» PROBLEM TO SOLVE:
Look below for the line containing "(dot w v) ^ 2."; from there, print each line exactly up to and including the line containing "pose proof (is_normal_orth u", and stop.

» THE DATA:
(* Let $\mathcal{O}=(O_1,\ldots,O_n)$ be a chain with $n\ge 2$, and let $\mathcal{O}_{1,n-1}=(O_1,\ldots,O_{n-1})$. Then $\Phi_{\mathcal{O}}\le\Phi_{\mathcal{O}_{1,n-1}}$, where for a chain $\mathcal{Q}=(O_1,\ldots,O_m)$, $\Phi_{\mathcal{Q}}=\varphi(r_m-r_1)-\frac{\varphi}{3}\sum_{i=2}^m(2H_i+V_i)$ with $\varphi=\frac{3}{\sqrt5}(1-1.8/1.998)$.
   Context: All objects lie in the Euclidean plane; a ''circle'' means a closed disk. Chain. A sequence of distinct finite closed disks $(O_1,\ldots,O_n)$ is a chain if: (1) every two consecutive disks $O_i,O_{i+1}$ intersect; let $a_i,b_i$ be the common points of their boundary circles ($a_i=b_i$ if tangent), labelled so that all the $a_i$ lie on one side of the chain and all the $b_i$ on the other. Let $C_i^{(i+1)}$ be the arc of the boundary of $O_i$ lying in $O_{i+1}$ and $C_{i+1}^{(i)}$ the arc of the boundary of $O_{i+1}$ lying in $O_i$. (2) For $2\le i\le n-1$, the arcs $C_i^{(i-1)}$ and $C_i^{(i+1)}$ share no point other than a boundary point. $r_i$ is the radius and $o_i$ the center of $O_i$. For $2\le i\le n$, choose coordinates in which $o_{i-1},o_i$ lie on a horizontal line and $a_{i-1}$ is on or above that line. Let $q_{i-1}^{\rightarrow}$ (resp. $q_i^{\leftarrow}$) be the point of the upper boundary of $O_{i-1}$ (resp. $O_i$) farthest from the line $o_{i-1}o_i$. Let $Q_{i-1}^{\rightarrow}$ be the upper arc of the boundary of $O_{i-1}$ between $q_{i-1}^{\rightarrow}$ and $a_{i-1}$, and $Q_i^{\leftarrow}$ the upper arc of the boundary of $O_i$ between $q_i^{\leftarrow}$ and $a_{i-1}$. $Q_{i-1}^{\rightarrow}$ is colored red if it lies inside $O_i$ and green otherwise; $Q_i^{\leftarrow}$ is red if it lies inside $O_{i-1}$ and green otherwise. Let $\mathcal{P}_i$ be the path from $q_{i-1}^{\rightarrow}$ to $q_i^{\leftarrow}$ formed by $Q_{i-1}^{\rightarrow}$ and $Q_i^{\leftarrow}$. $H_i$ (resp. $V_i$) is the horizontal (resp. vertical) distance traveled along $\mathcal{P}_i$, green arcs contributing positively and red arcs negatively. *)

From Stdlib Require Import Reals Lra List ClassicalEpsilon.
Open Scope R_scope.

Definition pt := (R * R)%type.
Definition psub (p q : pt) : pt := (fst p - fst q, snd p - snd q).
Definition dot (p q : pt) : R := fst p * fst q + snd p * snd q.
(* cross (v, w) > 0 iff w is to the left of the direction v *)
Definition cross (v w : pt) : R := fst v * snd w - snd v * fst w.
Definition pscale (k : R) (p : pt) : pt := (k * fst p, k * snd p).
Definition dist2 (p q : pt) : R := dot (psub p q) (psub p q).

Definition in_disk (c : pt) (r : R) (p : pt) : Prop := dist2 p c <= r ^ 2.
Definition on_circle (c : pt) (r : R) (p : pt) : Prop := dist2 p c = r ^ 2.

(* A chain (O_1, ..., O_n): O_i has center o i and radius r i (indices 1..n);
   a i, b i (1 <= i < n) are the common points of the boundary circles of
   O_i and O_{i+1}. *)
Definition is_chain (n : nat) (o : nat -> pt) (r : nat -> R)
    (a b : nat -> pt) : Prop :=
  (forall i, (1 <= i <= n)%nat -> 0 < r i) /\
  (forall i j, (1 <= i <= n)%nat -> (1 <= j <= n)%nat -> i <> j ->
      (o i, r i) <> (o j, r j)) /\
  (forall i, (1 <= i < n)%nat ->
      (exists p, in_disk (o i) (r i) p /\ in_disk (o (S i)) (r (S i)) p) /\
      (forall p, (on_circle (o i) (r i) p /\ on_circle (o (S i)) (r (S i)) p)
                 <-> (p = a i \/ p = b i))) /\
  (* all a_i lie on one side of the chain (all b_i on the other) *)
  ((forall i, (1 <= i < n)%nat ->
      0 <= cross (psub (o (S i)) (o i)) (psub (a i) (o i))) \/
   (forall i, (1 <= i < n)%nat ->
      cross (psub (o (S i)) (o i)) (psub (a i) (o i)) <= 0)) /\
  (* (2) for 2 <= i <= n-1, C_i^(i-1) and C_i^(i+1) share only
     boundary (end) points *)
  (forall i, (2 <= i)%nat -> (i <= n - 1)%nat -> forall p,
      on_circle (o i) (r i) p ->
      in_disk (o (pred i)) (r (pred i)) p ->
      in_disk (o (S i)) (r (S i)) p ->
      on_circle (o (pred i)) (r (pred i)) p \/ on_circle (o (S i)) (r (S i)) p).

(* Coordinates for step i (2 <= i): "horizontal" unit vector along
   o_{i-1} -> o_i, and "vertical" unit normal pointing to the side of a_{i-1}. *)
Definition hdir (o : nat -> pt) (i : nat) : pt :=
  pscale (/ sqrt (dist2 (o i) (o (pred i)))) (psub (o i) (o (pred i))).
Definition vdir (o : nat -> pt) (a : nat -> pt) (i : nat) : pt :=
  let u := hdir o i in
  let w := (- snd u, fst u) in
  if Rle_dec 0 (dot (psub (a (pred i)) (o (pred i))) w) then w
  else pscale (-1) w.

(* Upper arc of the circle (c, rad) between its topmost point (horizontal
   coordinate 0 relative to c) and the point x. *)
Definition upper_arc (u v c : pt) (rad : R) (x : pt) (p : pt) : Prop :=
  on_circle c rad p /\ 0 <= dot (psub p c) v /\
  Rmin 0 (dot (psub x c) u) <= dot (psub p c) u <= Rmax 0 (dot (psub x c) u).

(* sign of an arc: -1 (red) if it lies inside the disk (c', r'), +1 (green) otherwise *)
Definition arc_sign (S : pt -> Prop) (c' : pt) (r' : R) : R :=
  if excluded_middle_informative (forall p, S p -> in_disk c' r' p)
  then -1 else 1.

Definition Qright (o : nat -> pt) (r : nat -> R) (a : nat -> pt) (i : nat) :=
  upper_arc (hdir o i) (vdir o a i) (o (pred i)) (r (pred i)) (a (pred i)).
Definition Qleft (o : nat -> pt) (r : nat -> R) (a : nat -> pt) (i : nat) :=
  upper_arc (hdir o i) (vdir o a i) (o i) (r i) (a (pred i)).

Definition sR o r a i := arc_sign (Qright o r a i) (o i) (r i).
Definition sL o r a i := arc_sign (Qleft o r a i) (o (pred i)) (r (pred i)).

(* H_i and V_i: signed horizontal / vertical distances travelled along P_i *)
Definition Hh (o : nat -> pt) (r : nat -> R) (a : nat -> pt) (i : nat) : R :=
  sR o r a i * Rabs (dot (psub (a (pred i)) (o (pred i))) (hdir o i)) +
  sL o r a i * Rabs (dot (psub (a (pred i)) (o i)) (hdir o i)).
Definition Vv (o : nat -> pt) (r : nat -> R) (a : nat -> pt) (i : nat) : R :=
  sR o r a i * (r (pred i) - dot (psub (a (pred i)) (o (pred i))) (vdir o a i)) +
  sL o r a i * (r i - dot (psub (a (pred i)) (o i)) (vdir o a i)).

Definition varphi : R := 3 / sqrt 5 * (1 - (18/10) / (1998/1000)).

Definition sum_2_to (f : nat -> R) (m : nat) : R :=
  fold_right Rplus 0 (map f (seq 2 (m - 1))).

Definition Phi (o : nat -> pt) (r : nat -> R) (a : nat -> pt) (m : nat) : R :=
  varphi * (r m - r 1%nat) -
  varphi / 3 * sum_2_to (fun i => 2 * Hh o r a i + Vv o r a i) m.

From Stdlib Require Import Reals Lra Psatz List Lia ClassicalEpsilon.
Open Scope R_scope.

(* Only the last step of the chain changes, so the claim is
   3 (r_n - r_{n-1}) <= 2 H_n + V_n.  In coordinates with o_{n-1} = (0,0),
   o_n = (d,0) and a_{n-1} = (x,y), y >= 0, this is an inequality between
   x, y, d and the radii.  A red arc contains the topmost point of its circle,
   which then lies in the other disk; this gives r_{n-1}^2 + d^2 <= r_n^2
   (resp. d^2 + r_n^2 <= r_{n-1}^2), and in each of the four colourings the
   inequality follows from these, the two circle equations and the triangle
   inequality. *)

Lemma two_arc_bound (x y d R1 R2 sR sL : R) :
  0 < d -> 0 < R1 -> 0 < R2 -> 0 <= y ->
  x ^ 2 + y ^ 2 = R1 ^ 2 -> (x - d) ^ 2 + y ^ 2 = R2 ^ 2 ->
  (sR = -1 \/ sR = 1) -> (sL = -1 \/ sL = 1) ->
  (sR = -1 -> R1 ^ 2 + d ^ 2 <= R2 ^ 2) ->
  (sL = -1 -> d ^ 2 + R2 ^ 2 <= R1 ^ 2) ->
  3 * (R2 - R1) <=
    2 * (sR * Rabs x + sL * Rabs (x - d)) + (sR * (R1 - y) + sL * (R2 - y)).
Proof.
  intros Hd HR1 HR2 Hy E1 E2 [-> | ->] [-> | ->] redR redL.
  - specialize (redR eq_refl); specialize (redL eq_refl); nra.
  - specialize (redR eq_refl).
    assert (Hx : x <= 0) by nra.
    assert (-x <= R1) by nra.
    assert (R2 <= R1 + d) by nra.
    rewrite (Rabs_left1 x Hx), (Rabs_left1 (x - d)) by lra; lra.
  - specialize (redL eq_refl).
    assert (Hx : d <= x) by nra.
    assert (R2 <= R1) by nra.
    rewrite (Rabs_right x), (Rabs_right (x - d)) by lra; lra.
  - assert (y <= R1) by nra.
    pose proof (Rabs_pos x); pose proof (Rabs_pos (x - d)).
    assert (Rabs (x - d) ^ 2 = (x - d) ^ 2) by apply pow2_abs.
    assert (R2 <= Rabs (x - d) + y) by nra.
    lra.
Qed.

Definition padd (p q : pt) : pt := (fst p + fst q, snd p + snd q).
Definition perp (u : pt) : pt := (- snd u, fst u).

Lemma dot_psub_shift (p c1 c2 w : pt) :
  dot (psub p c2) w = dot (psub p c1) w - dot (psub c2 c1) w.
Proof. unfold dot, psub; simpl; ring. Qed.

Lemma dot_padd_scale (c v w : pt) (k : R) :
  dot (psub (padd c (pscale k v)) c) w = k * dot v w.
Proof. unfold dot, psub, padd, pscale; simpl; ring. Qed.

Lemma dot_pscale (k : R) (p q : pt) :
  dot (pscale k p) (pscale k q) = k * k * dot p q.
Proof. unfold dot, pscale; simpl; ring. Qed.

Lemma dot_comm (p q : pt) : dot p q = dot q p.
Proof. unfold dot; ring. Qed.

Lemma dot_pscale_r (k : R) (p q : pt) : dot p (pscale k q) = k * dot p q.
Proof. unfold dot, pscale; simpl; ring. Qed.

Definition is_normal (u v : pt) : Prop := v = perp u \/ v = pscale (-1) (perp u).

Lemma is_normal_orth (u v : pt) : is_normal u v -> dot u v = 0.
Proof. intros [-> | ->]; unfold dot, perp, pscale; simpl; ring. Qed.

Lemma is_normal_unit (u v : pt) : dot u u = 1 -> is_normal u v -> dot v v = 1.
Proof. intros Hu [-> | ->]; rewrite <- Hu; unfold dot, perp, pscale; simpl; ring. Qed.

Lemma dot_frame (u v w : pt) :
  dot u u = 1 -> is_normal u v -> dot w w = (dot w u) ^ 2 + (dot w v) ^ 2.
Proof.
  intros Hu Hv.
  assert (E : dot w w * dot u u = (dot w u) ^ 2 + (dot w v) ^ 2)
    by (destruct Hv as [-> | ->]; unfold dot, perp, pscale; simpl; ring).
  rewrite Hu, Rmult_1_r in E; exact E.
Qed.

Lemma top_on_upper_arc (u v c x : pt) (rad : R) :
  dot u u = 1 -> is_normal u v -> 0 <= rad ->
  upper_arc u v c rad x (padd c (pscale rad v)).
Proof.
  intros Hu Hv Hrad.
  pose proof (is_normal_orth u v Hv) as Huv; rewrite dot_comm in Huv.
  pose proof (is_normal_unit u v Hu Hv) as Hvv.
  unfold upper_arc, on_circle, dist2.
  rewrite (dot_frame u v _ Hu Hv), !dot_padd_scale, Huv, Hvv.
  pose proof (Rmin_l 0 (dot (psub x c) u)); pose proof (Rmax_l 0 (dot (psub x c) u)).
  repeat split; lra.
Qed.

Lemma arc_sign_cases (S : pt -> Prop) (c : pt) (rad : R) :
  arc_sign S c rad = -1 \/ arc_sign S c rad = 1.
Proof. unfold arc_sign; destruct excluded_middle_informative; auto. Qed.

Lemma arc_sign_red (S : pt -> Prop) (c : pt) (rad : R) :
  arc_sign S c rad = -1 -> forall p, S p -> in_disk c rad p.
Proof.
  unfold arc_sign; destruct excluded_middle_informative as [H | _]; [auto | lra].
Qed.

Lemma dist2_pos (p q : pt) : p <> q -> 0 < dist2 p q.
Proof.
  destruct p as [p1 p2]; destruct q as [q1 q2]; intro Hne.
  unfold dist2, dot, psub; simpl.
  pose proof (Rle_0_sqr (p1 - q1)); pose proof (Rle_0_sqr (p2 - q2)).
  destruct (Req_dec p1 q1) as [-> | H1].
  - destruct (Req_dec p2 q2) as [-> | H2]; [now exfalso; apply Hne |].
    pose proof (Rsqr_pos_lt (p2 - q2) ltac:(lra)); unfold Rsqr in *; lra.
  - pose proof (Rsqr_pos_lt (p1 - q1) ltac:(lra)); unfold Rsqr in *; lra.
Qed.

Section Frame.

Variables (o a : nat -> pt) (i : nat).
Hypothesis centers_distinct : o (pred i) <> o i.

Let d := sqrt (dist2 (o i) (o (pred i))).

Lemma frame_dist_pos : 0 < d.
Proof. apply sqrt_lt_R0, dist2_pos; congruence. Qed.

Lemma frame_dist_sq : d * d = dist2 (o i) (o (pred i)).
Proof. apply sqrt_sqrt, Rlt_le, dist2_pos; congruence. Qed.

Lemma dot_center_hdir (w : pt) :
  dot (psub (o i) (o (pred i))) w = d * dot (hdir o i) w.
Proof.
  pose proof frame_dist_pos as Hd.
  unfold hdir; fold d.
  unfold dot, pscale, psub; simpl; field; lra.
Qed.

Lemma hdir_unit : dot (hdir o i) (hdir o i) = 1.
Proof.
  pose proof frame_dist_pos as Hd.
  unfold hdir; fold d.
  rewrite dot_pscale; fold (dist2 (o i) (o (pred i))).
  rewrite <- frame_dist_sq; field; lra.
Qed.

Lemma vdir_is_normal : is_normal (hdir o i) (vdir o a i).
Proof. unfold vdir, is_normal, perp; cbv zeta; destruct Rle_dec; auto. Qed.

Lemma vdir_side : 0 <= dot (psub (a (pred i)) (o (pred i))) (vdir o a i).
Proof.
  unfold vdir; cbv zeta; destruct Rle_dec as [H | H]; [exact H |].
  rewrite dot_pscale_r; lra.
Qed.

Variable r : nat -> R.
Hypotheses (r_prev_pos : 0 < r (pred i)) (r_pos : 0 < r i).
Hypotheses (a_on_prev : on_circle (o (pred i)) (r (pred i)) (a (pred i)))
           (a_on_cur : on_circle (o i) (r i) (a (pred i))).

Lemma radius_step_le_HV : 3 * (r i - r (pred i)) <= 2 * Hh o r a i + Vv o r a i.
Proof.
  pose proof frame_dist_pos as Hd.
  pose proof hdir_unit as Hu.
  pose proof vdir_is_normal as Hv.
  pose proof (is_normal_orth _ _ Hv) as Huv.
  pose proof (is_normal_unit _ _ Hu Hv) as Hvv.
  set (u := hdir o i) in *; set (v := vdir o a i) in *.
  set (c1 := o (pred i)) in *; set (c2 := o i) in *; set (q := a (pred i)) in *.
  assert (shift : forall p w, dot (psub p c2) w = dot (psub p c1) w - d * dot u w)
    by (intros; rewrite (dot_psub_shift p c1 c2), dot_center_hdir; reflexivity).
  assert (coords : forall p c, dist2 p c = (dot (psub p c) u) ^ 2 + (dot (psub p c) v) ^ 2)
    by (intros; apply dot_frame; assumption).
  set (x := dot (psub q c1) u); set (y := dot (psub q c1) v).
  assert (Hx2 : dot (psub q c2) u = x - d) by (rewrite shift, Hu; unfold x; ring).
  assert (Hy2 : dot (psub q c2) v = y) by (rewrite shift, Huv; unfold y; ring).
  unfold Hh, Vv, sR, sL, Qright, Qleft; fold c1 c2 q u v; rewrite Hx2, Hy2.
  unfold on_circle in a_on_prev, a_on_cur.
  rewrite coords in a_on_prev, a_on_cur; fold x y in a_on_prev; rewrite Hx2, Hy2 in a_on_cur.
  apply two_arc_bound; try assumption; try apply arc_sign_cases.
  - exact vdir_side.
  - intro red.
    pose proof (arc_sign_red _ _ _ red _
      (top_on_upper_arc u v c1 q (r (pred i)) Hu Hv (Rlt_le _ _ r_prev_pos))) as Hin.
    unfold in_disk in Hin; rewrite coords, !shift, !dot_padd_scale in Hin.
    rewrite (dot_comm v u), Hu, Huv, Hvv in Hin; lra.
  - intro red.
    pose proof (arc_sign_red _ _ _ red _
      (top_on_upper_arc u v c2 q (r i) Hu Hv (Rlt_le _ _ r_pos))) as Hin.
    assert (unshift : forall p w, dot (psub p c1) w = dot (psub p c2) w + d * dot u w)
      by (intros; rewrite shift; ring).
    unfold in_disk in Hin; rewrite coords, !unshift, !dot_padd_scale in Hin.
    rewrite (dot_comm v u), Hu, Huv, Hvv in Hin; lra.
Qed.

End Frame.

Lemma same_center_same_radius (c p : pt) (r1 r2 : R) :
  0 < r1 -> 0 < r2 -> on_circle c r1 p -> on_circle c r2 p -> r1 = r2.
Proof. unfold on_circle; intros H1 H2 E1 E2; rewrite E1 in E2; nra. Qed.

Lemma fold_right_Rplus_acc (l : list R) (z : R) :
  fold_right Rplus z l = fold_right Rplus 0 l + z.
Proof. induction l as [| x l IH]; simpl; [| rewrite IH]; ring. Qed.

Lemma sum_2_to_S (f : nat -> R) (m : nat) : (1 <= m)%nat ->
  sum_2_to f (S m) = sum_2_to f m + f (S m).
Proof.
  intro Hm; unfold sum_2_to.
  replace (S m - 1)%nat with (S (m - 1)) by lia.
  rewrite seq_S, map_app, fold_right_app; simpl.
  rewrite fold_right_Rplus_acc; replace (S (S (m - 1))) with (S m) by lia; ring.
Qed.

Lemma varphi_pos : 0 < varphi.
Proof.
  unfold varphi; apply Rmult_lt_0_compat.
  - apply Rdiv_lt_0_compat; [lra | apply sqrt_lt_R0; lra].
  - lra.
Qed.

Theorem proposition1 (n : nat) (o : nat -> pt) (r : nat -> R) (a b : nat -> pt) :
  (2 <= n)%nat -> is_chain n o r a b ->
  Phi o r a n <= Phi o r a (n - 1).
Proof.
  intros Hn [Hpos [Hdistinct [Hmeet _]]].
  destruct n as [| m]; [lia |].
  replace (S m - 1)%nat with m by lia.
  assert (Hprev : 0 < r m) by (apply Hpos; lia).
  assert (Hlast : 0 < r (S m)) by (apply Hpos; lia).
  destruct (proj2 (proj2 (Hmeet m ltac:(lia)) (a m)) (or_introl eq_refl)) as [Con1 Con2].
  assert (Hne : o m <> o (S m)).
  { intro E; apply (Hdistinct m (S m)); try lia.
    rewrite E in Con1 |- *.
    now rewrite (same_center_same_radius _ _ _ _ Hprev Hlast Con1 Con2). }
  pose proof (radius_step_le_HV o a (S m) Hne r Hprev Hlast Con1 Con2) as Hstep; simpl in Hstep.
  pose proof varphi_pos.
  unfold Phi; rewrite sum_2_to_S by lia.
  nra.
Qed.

...

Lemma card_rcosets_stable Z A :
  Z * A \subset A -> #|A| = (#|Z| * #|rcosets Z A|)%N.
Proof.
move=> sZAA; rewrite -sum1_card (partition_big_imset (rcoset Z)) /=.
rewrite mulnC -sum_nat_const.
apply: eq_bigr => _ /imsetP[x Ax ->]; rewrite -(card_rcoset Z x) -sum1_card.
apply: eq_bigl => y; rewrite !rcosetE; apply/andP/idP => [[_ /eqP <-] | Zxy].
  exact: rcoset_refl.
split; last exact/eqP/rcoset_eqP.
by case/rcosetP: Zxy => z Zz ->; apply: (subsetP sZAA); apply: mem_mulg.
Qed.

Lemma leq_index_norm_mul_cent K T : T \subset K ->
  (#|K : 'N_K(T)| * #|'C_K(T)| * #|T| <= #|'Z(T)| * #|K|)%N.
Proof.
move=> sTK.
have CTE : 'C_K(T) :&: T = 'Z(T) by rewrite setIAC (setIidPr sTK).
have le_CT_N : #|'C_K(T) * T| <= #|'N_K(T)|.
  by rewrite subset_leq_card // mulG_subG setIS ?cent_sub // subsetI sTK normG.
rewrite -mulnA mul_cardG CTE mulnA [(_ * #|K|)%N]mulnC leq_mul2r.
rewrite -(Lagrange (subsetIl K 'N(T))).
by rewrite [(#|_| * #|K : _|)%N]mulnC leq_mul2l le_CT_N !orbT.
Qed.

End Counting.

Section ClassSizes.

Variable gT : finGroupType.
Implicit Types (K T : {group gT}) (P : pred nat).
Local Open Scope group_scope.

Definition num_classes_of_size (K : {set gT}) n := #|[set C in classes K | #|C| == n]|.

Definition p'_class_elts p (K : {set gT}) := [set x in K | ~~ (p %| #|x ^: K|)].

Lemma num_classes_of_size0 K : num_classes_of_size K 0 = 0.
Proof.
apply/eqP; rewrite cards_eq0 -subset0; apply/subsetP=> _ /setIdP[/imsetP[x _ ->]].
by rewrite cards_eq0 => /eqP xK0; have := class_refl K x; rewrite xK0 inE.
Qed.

» TASK SOLUTION:
  dot u u = 1 -> is_normal u v -> dot w w = (dot w u) ^ 2 + (dot w v) ^ 2.
Proof.
  intros Hu Hv.
  assert (E : dot w w * dot u u = (dot w u) ^ 2 + (dot w v) ^ 2)
    by (destruct Hv as [-> | ->]; unfold dot, perp, pscale; simpl; ring).
  rewrite Hu, Rmult_1_r in E; exact E.
Qed.

Lemma top_on_upper_arc (u v c x : pt) (rad : R) :
  dot u u = 1 -> is_normal u v -> 0 <= rad ->
  upper_arc u v c rad x (padd c (pscale rad v)).
Proof.
  intros Hu Hv Hrad.
  pose proof (is_normal_orth u v Hv) as Huv; rewrite dot_comm in Huv.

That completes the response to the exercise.